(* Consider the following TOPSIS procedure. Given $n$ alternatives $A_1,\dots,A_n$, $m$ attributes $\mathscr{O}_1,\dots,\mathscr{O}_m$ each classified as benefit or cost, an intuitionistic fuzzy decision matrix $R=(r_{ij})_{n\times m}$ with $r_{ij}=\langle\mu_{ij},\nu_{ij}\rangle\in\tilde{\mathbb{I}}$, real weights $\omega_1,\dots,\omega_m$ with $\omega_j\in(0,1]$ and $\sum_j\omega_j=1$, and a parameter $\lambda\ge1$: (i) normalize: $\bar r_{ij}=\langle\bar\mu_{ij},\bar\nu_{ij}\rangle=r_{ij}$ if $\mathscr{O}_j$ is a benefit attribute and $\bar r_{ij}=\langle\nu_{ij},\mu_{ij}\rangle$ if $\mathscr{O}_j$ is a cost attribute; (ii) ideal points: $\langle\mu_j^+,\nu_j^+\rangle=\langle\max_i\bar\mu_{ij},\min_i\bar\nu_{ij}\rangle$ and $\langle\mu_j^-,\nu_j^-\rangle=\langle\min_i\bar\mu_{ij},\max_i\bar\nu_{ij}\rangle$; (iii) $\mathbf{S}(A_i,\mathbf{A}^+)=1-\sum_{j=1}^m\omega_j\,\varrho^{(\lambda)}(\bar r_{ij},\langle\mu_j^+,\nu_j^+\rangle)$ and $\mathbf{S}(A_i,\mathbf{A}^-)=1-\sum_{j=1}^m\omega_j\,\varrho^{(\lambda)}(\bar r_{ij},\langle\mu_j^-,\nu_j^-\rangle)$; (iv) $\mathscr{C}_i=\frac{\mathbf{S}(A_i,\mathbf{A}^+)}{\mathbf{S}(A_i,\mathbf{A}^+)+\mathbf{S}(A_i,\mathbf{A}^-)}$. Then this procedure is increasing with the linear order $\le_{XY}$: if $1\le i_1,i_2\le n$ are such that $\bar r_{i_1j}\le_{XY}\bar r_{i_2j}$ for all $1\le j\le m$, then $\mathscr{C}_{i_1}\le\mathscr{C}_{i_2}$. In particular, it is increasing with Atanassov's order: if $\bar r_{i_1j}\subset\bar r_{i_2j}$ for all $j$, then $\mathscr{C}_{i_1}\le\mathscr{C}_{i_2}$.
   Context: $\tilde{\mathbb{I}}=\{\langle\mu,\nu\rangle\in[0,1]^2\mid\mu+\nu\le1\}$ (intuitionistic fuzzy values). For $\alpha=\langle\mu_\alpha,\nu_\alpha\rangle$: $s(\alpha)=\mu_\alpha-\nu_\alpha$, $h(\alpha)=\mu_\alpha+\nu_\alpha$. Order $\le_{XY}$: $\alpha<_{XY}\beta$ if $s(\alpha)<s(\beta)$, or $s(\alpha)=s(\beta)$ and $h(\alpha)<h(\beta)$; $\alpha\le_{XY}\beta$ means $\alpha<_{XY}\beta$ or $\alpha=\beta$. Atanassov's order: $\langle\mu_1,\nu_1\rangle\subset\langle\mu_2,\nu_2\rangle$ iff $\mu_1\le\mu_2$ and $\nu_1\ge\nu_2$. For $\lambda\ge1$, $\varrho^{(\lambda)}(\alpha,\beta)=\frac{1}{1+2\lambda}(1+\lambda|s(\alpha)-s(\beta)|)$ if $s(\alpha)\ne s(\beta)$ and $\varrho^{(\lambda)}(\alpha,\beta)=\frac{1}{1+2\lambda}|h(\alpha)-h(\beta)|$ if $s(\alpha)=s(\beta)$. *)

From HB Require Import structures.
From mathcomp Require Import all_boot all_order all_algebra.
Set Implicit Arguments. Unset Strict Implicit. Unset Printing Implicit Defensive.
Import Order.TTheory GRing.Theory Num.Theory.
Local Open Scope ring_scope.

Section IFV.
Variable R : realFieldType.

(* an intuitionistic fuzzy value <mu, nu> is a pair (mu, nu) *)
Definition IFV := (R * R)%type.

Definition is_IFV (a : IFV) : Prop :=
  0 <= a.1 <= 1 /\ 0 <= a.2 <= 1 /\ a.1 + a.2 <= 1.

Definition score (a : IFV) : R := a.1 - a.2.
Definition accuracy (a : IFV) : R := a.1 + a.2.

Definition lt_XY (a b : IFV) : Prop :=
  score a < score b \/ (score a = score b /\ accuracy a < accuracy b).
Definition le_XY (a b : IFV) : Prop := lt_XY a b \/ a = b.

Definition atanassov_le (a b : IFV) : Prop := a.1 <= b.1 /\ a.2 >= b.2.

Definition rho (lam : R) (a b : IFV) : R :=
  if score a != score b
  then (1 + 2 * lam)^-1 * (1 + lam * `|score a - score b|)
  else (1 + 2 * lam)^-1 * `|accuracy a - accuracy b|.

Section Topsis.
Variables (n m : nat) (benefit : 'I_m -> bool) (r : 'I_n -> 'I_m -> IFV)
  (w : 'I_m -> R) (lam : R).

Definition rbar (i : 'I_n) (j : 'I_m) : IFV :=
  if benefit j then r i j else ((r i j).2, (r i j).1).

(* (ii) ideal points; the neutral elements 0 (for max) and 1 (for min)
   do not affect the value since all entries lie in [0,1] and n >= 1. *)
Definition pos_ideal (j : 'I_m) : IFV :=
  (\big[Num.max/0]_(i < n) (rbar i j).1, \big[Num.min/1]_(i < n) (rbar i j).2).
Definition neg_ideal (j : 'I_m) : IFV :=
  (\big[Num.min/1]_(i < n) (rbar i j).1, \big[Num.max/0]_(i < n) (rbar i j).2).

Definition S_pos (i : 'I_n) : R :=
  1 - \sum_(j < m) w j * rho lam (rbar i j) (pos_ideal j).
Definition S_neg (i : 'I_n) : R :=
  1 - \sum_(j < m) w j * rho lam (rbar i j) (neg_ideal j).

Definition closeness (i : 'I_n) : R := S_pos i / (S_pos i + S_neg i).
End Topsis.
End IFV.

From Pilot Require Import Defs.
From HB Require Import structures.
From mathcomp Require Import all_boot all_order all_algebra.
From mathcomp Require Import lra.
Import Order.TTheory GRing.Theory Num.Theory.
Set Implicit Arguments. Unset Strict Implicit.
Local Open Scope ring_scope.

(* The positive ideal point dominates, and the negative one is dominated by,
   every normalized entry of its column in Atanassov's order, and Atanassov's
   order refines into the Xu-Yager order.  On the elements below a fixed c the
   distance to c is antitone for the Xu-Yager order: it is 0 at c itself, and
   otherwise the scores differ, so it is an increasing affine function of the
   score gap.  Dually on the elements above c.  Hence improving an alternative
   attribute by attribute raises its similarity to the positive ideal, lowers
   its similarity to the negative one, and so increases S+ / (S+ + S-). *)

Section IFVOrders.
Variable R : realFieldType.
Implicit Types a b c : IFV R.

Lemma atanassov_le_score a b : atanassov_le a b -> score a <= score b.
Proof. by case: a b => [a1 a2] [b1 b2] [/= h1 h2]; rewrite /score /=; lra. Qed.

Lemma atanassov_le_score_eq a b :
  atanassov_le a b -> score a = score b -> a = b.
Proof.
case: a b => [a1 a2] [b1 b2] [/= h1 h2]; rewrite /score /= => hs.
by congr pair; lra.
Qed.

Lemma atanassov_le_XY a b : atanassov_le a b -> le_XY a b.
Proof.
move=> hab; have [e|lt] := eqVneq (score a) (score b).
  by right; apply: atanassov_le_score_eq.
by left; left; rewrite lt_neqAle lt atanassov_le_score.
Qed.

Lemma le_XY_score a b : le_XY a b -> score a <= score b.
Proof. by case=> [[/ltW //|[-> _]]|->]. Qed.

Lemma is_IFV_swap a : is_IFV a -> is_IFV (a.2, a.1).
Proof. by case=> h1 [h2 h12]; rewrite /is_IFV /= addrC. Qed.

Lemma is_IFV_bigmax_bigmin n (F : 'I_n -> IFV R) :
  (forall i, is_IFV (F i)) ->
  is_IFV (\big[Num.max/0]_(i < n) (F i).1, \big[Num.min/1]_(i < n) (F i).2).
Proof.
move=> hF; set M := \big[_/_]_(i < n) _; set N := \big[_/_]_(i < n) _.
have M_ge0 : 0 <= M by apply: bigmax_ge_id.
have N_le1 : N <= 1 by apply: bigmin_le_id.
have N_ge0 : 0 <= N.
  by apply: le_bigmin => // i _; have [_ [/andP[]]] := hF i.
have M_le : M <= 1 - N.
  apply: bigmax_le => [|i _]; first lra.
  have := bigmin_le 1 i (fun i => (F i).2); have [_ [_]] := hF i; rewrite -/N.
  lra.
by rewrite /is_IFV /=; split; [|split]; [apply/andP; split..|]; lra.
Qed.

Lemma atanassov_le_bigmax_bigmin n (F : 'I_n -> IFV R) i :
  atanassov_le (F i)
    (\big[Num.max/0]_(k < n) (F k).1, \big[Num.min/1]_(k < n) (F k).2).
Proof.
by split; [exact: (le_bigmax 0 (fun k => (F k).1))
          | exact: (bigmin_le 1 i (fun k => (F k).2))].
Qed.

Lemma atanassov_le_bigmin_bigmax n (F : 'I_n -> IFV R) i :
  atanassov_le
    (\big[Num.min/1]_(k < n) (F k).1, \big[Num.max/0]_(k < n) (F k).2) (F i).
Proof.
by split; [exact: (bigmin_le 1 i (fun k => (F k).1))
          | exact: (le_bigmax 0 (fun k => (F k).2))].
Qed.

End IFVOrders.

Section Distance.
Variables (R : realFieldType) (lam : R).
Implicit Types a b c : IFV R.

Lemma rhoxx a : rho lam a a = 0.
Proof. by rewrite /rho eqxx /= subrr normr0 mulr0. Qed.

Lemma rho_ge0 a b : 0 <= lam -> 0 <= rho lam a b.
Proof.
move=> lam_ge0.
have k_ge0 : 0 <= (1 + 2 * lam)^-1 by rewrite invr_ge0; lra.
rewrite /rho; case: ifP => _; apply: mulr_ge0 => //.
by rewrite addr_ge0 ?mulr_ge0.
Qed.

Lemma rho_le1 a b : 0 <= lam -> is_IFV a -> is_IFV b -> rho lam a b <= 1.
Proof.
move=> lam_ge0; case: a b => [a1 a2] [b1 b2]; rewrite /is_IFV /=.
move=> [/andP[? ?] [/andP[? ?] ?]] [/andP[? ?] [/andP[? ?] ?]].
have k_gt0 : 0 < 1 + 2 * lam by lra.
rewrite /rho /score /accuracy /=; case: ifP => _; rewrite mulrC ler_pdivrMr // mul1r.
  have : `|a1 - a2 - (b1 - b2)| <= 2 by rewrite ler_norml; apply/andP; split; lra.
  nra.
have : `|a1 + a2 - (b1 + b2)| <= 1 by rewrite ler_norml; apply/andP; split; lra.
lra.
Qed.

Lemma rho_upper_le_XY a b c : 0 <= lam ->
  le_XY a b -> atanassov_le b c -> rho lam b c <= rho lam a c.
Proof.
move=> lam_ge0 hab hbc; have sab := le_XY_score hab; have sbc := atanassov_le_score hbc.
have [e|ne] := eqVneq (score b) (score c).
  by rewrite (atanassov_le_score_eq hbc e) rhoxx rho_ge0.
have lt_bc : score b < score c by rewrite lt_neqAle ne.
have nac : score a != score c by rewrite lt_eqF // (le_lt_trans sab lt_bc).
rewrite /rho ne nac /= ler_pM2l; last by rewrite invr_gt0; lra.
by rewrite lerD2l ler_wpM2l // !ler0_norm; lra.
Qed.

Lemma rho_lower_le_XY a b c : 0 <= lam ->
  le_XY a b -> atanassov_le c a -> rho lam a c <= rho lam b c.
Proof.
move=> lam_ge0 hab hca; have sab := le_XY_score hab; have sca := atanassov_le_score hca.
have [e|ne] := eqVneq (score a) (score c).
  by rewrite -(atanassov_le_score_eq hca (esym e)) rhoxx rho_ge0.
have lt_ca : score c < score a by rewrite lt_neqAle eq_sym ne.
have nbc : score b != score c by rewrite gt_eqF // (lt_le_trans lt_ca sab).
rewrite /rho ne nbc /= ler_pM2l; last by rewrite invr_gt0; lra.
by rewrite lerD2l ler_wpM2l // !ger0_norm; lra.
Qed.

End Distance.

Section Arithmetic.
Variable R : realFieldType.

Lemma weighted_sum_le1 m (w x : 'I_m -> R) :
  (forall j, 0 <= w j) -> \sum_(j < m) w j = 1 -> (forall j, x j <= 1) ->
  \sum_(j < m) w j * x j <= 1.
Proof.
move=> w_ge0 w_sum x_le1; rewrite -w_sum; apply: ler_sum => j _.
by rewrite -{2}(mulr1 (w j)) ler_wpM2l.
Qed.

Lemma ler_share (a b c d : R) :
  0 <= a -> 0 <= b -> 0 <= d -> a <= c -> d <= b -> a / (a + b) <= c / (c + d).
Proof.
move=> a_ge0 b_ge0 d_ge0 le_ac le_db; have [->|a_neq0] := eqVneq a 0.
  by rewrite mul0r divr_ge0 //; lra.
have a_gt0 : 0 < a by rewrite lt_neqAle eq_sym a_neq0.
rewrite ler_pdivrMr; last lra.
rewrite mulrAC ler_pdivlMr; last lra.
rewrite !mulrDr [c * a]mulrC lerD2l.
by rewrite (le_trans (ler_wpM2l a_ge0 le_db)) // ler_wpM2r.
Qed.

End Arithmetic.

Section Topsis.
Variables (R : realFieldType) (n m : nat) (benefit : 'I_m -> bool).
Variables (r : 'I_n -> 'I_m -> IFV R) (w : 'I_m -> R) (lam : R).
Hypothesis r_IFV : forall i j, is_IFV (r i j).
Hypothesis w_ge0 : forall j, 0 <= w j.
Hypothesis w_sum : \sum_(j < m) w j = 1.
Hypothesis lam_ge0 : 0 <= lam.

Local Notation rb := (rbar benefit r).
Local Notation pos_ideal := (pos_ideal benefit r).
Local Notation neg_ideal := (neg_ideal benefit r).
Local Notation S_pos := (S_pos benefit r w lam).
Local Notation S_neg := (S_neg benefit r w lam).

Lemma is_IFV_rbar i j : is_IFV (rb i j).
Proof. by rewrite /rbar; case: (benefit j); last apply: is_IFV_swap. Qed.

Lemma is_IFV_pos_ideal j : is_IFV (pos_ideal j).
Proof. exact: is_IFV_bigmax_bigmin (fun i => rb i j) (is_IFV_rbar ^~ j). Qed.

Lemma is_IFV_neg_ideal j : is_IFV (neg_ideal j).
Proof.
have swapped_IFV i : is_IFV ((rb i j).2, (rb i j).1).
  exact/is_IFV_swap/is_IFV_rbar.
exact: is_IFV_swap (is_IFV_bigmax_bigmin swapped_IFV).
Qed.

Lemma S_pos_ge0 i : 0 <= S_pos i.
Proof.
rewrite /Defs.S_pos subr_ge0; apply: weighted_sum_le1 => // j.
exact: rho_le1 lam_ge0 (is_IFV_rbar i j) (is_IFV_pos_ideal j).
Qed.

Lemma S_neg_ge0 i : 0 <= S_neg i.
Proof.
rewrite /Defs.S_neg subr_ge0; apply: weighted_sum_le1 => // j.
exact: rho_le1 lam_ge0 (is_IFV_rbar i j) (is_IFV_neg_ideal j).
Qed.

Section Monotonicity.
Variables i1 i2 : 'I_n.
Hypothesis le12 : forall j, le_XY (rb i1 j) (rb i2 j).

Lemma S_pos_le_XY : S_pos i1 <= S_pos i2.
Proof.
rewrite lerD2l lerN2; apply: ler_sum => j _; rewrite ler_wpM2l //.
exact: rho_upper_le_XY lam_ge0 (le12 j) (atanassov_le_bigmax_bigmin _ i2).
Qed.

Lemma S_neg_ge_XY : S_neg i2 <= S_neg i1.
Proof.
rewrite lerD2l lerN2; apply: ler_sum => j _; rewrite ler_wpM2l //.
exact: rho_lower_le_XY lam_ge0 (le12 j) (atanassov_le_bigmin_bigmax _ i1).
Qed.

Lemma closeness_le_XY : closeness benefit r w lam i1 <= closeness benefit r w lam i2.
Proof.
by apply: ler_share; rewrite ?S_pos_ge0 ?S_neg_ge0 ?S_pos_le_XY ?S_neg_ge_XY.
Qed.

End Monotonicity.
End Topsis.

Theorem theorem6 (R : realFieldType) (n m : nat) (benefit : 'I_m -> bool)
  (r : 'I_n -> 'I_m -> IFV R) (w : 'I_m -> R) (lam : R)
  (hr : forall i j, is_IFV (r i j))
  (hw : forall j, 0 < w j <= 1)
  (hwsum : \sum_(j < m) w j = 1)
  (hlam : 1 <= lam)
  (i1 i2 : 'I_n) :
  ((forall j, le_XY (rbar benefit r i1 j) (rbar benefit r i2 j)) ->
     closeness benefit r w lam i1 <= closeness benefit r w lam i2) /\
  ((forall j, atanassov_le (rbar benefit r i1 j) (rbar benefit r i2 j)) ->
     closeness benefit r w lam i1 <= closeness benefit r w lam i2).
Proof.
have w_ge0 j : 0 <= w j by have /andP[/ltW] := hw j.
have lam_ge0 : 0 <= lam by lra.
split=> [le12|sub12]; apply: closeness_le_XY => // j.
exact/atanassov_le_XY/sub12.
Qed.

++++++++++++++++++++

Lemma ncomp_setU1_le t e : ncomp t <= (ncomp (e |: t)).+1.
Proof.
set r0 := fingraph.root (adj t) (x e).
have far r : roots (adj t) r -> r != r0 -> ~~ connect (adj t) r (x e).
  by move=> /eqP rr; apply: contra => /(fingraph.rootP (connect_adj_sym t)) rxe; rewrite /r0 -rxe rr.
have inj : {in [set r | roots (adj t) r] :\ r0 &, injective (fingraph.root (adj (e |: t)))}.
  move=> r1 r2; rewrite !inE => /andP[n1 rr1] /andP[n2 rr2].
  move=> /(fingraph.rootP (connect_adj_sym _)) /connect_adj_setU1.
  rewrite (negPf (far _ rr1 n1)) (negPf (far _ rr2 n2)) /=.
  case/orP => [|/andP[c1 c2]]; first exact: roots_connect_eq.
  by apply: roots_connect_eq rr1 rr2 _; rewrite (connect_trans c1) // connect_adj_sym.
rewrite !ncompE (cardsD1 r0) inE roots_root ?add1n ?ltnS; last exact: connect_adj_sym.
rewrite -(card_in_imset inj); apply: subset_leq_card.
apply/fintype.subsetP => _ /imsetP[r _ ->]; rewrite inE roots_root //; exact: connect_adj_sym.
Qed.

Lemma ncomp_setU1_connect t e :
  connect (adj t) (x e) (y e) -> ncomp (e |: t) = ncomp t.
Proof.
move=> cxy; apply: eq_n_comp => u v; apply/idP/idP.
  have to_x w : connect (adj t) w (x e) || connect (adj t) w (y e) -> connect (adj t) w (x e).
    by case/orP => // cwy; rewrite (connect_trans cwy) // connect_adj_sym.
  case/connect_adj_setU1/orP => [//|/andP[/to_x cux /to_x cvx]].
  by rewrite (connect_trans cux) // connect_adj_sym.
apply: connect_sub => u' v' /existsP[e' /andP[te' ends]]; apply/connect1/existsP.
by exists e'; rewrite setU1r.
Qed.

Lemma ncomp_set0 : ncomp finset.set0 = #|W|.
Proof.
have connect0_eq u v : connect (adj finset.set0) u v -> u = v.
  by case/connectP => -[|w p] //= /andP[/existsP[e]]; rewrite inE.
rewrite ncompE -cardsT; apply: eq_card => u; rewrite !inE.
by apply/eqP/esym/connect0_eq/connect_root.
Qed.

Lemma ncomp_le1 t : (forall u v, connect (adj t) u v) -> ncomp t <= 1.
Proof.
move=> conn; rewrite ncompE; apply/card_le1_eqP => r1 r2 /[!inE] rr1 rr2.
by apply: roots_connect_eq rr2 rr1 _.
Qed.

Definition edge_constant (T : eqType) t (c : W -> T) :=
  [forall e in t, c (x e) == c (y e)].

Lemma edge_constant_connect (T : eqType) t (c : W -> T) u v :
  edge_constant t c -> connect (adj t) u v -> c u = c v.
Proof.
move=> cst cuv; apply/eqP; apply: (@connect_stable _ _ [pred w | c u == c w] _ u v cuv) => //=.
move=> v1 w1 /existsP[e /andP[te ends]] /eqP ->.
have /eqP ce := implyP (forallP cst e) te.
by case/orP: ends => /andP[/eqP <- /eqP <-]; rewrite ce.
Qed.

++++++++++++++++++++

*WHAT IS NEEDED:*
Find and copy each line of the data where "Unset" is present.

*WRITTEN SOLUTION:*
Set Implicit Arguments. Unset Strict Implicit. Unset Printing Implicit Defensive.
Set Implicit Arguments. Unset Strict Implicit.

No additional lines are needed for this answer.